▶ _DATA SUPPLIED_
= = =

Lemma sum_dist_le_between G c j n : (j < n)%N ->
  G j = c j -> G j.+1 = c j.+1 ->
  (forall k, (k < j)%N -> `|c k - G k| + `|G k - G k.+1| = `|c k - G k.+1|) ->
  (forall k, (j < k < n)%N ->
     `|G k - G k.+1| + `|G k.+1 - c k.+1| = `|G k - c k.+1|) ->
  \sum_(0 <= k < n) `|G k - G k.+1| <= \sum_(0 <= k < n) `|c k - c k.+1|.
Proof.
move=> jn Gj Gj1 G_left G_right.
pose e k := if (k <= j)%N then `|c k - G k| else - `|G k - c k|.
apply: (ler_sum_telescope (e := e)) => [k kn|]; last first.
  by rewrite /e leqNgt jn /=; apply: le_trans (normr_ge0 _); rewrite oppr_le0.
rewrite /e; case: (ltngtP k j) => [kj|jk|->].
- have := G_left k kj; have := ler_distD (c k.+1) (c k) (G k.+1); lra.
- have := G_right k (ltac:(lia)); have := ler_distD (c k) (G k) (c k.+1); lra.
- rewrite Gj Gj1 !subrr normr0; lra.
Qed.

End RealAlgebra.

Section TotalVariation.
Context {R : realType}.
Implicit Types (g : R -> R).

Lemma total_variation_le_subitv g (a b c d : R) : c <= a -> a <= b -> b <= d ->
  (total_variation a b g <= total_variation c d g)%E.
Proof.
move=> ca ab bd.
rewrite (total_variationD _ ca (le_trans ab bd)) (total_variationD _ ab bd) addeA.
apply: le_trans (leeDl _ (total_variation_ge0 _ bd)).
exact: leeDr (total_variation_ge0 _ ca).
Qed.

Lemma total_variation_ge_sum g (a : nat -> R) m c d :
  (forall i, (i < m)%N -> a i <= a i.+1) -> c <= a 0%N -> a m <= d ->
  ((\sum_(0 <= i < m) `|g (a i.+1) - g (a i)|)%:E <= total_variation c d g)%E.
Proof.
move=> a_incr ca0 amd.
suff [a0m sum_le] : a 0%N <= a m /\
    ((\sum_(0 <= i < m) `|g (a i.+1) - g (a i)|)%:E <= total_variation (a 0%N) (a m) g)%E.
  exact: le_trans sum_le (total_variation_le_subitv _ ca0 a0m amd).
clear amd; elim: m a_incr => [_|m IHm a_incr].
  by rewrite big_geq // total_variationxx.
have [a0m sum_le] := IHm (fun i im => a_incr i (ltnW im)).
have amS := a_incr m (ltnSn m).
split; first exact: le_trans a0m amS.
rewrite big_nat_recr //= EFinD (total_variationD _ a0m amS).
by apply: leeD => //; exact: total_variation_ge.
Qed.

End TotalVariation.

Section Derivative.
Context {R : realType}.
Variables f fp : R -> R.
Hypothesis f_deriv : derivative_on_11 f fp.

Lemma derivative_on_11_slope_near (x : R) : x \in `[-1, 1] ->
  forall e : R, 0 < e -> exists2 d : R, 0 < d &
  forall y, y \in `[-1, 1] -> y != x -> `|y - x| < d ->
    `|fp x - (f y - f x) / (y - x)| < e.
Proof.
move=> xI e e_gt0; have /cvgrPdist_lt/(_ e e_gt0) := f_deriv xI.
rewrite near_withinE => /nbhs_normP [d d_gt0 near_x]; exists d => // y yI yx yd.
by apply: near_x; [rewrite /= distrC | split].
Qed.

Lemma derivative_on_11_continuous : {within `[-1, 1], continuous f}.
Proof.
apply/subspace_continuousP => x xI; have xI' : x \in `[-1, 1] by rewrite inE.
apply/cvgrPdist_lt => e e_gt0.
have [d d_gt0 slope_near] := derivative_on_11_slope_near xI' ltr01.
set K := `|fp x| + 1.
have K_gt0 : 0 < K by rewrite ltr_pwDr.
rewrite near_withinE; apply/nbhs_normP; exists (Num.min d (e / K)).
  by rewrite /= lt_min d_gt0 divr_gt0.
move=> y /=; rewrite lt_min => /andP[yd yeK] yI.
have [->|yx] := eqVneq y x; first by rewrite subrr normr0.
have yx0 : y - x != 0 by rewrite subr_eq0.
have slope_le : `|(f y - f x) / (y - x)| <= K.
  have slope_near1 : `|fp x - (f y - f x) / (y - x)| < 1.
    by apply: slope_near; rewrite ?inE // distrC.
  have := ler_distD (fp x) ((f y - f x) / (y - x)) 0; rewrite !subr0 => /le_trans; apply.
  by rewrite /K addrC lerD2l distrC ltW.
have -> : f x - f y = - ((f y - f x) / (y - x) * (y - x)) by rewrite divfK // opprB.
rewrite normrN normrM; apply: le_lt_trans (ler_wpM2r (normr_ge0 _) slope_le) _.
by rewrite mulrC -ltr_pdivlMr // distrC.
Qed.

Lemma derivative_on_11_is_derive (x : R) : x \in `]-1, 1[ -> is_derive x (1 : R) f (fp x).
Proof.
move=> xI; have xI' : x \in `[-1, 1] by exact: subset_itv_oo_cc.
have slope_cvg : (fun h : R => h^-1 *: ((f \o shift x) (h *: 1) - f x)) @ 0^' --> fp x.
  apply/cvgrPdist_lt => e e_gt0.
  have [d d_gt0 slope_near] := derivative_on_11_slope_near xI' e_gt0.
  move: xI; rewrite in_itv /= => /andP[xl xr].
  rewrite near_withinE; apply/nbhs_normP; exists (Num.min d (Num.min (1 - x) (x + 1))).
    by rewrite /= !lt_min d_gt0 /=; apply/andP; split; lra.
  move=> h /=; rewrite !lt_min sub0r normrN => /and3P[hd h1 h2] h0.
  have hxI : h + x \in `[-1, 1].
    by move: h1 h2; rewrite in_itv /= !ltr_norml => /andP[? ?] /andP[? ?]; apply/andP; split; lra.
  have := slope_near _ hxI; rewrite addrK => /(_ _ hd).
  rewrite -[h%:A]/(h * 1) mulr1 -[h^-1 *: _]/(h^-1 * _) mulrC; apply.
  by rewrite -subr_eq0 addrK.
by apply: DeriveDef; [apply/cvg_ex; exists (fp x) | exact: cvg_lim slope_cvg].
Qed.

Lemma derivative_on_11_MVT a b : -1 <= a -> a < b -> b <= 1 ->
  exists2 c, c \in `]a, b[ & f b - f a = fp c * (b - a).
Proof.
move=> a_ge ab b_le; apply: MVT => //.
  move=> z; rewrite in_itv /= => /andP[az zb]; apply: derivative_on_11_is_derive.
  by rewrite in_itv /=; apply/andP; split; lra.
apply: continuous_subspaceW derivative_on_11_continuous.
by move=> z /=; rewrite !in_itv /= => /andP[az zb]; apply/andP; split; lra.
Qed.

Lemma sum_dist_slopes_le_total_variation (p : nat -> R) m :
  (forall i, (i <= m.+1)%N -> -1 <= p i <= 1) ->
  (forall i, (i <= m)%N -> p i < p i.+1) ->
  ((\sum_(0 <= k < m) `|slope f (p k) (p k.+1) - slope f (p k.+1) (p k.+2)|)%:E
    <= total_variation (-1) 1 fp)%E.
Proof.
move=> p_in p_incr.
have : forall i, exists c, (i <= m)%N ->
    p i < c < p i.+1 /\ slope f (p i) (p i.+1) = fp c.
  move=> i; case: (leqP i m) => im; last by exists 0.
  have /andP[pi_ge _] := p_in i (leqW im).
  have /andP[_ pi1_le] := p_in i.+1 im.
  have [c cI fpc] := derivative_on_11_MVT pi_ge (p_incr i im) pi1_le.
  exists c => _; split; first by move: cI; rewrite in_itv.
  by rewrite /slope fpc mulfK // subr_eq0 gt_eqF ?p_incr.
move=> /choice[c c_spec].
have c_incr i : (i < m)%N -> c i <= c i.+1.
  move=> im; have [/andP[_ ci_lt] _] := c_spec i (ltnW im).
  by have [/andP[ci1_gt _] _] := c_spec i.+1 im; exact/ltW/(lt_trans ci_lt).
have -> : \sum_(0 <= k < m) `|slope f (p k) (p k.+1) - slope f (p k.+1) (p k.+2)|
    = \sum_(0 <= k < m) `|fp (c k.+1) - fp (c k)|.
  apply: eq_big_nat => k /andP[_ km].
  by rewrite (c_spec k (ltnW km)).2 (c_spec k.+1 km).2 distrC.
apply: (total_variation_ge_sum fp c_incr).
- have [/andP[c0_gt _] _] := c_spec 0%N (leq0n m).
  have /andP[p0_ge _] := p_in 0%N (leq0n _).
  exact/ltW/(le_lt_trans p0_ge c0_gt).
- have [/andP[_ cm_lt] _] := c_spec m (leqnn m).
  have /andP[_ pm_le] := p_in m.+1 (leqnn _).
  exact/ltW/(lt_le_trans cm_lt pm_le).
Qed.

End Derivative.

Section SupNorm.
Context {R : realType}.
Implicit Types (A : set R) (g : R -> R).

Lemma supnorm_ge A g x : A x -> (`|g x|%:E <= supnorm A g)%E.
Proof. by move=> Ax; apply: ereal_sup_ubound; exists x. Qed.

Lemma mule_supnorm_le A g (c : R) (M : \bar R) : 0 < c ->
  (forall x, A x -> ((c * `|g x|)%:E <= M)%E) -> (c%:E * supnorm A g <= M)%E.
Proof.
move=> c_gt0 le_M; rewrite /supnorm -ereal_sup_pZl //.
by apply: ge_ereal_sup => _ [_ [x Ax <-] <-]; rewrite -EFinM; exact: le_M.
Qed.

End SupNorm.

Section Berrut.
Context {R : realType}.
Variable n : nat.
Hypothesis n_gt0 : (0 < n)%N.

Lemma node_0 : node n 0 = -1 :> R.
Proof. by rewrite /node mulr0 mul0r sub0r. Qed.

Lemma node_n : node n n = 1 :> R.
Proof. rewrite /node mulfK ?gt_eqF ?ltr0n //; lra. Qed.

Lemma nodeD i k : node n (i + k) = node n k + i%:R * (2 / n%:R) :> R.
Proof. by rewrite /node natrD; field; rewrite gt_eqF ?ltr0n. Qed.

Lemma node_lt k l : (k < l)%N -> node n k < node n l :> R.
Proof. by move=> kl; rewrite /node ltrD2r ltr_pM2r ?invr_gt0 ?ltr0n // ltr_pM2l // ltr_nat. Qed.

Lemma node_le k l : (k <= l)%N -> node n k <= node n l :> R.
Proof. by rewrite leq_eqVlt => /orP[/eqP-> // | /node_lt/ltW]. Qed.

Lemma node_in k : (k <= n)%N -> -1 <= (node n k : R) <= 1.
Proof. by move=> kn; rewrite -node_0 -node_n !node_le. Qed.

Lemma node_between (x : R) : x \in `[-1, 1] -> ~ is_node n x ->
  exists2 j, (j < n)%N & node n j < x < node n j.+1.
Proof.
rewrite in_itv /= => /andP[x_ge x_le] xnode.
have left_of_x : exists k, (k <= n)%N && (node n k < x).
  exists 0%N; rewrite leq0n node_0 lt_neqAle x_ge andbT /=.
  by apply/eqP => x_eq; apply: xnode; exists 0%N; rewrite ?node_0.
have ub k : (k <= n)%N && (node n k < x) -> (k <= n)%N by case/andP.
have [j /andP[jn xj] j_max] := ex_maxnP left_of_x ub.
have jn' : (j < n)%N.
  by rewrite ltn_neqAle jn andbT; apply/eqP => jn_eq; move: xj; rewrite jn_eq node_n; lra.
exists j => //; rewrite xj lt_neqAle /=; apply/andP; split.
  by apply/eqP => x_eq; apply: xnode; exists j.+1.
rewrite leNgt; apply/negP => x_lt.
by have := j_max j.+1; rewrite jn' x_lt => /(_ isT); rewrite ltnn.
Qed.

Lemma not_node_itv_oo (x : R) : x \in `[-1, 1] -> ~ is_node n x -> x \in `]-1, 1[.
Proof.
move=> xI xnode; have [j jn /andP[xl xr]] := node_between xI xnode.
have /andP[lo _] := node_in (ltnW jn); have /andP[_ hi] := node_in jn.
by rewrite in_itv /=; apply/andP; split; lra.
Qed.

Definition refined_nodes j (x : R) m :=
  if (m <= j)%N then node n m else if m == j.+1 then x else node n m.-1.

Section RefinedNodes.
Variables (j : nat) (x : R).
Hypotheses (jn : (j < n)%N) (xj : node n j < x < node n j.+1).

Lemma refined_nodes_le m : (m <= j)%N -> refined_nodes j x m = node n m.
Proof. by rewrite /refined_nodes => ->. Qed.

Lemma refined_nodes_x : refined_nodes j x j.+1 = x.
Proof. by rewrite /refined_nodes ltnn eqxx. Qed.

Lemma refined_nodes_gt m : (j.+1 < m)%N -> refined_nodes j x m = node n m.-1.
Proof. by move=> jm; rewrite /refined_nodes leqNgt (ltnW jm) gtn_eqF. Qed.

Lemma refined_nodes_incr i : (i <= n)%N -> refined_nodes j x i < refined_nodes j x i.+1.
Proof.
move=> i_le; case/andP: xj => xl xr.
case: (ltngtP i j) => [ij|ji|->]; last by rewrite refined_nodes_le // refined_nodes_x.
  by rewrite !refined_nodes_le ?node_lt // ltnW.
have [->|ij1] := eqVneq i j.+1; first by rewrite refined_nodes_x refined_nodes_gt.
rewrite !refined_nodes_gt; [apply: node_lt | |]; lia.
Qed.

Lemma refined_nodes_in i : (i <= n.+1)%N -> -1 <= refined_nodes j x i <= 1.
Proof.
move=> i_le; case/andP: xj => xl xr.
have [ij|ji] := leqP i j.
  by rewrite refined_nodes_le // node_in // (leq_trans ij (ltnW jn)).
have [->|ij1] := eqVneq i j.+1; last by rewrite refined_nodes_gt ?node_in //; lia.
have /andP[lo _] := node_in (ltnW jn); have /andP[_ hi] := node_in jn.
by rewrite refined_nodes_x; apply/andP; split; lra.
Qed.

End RefinedNodes.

= = =

▶ _WHAT YOU WILL DO_
Search the listing above for lines containing "andbT", and copy them.

▶ _TASK OUTPUT_
  exists 0%N; rewrite leq0n node_0 lt_neqAle x_ge andbT /=.
  by rewrite ltn_neqAle jn andbT; apply/eqP => jn_eq; move: xj; rewrite jn_eq node_n; lra.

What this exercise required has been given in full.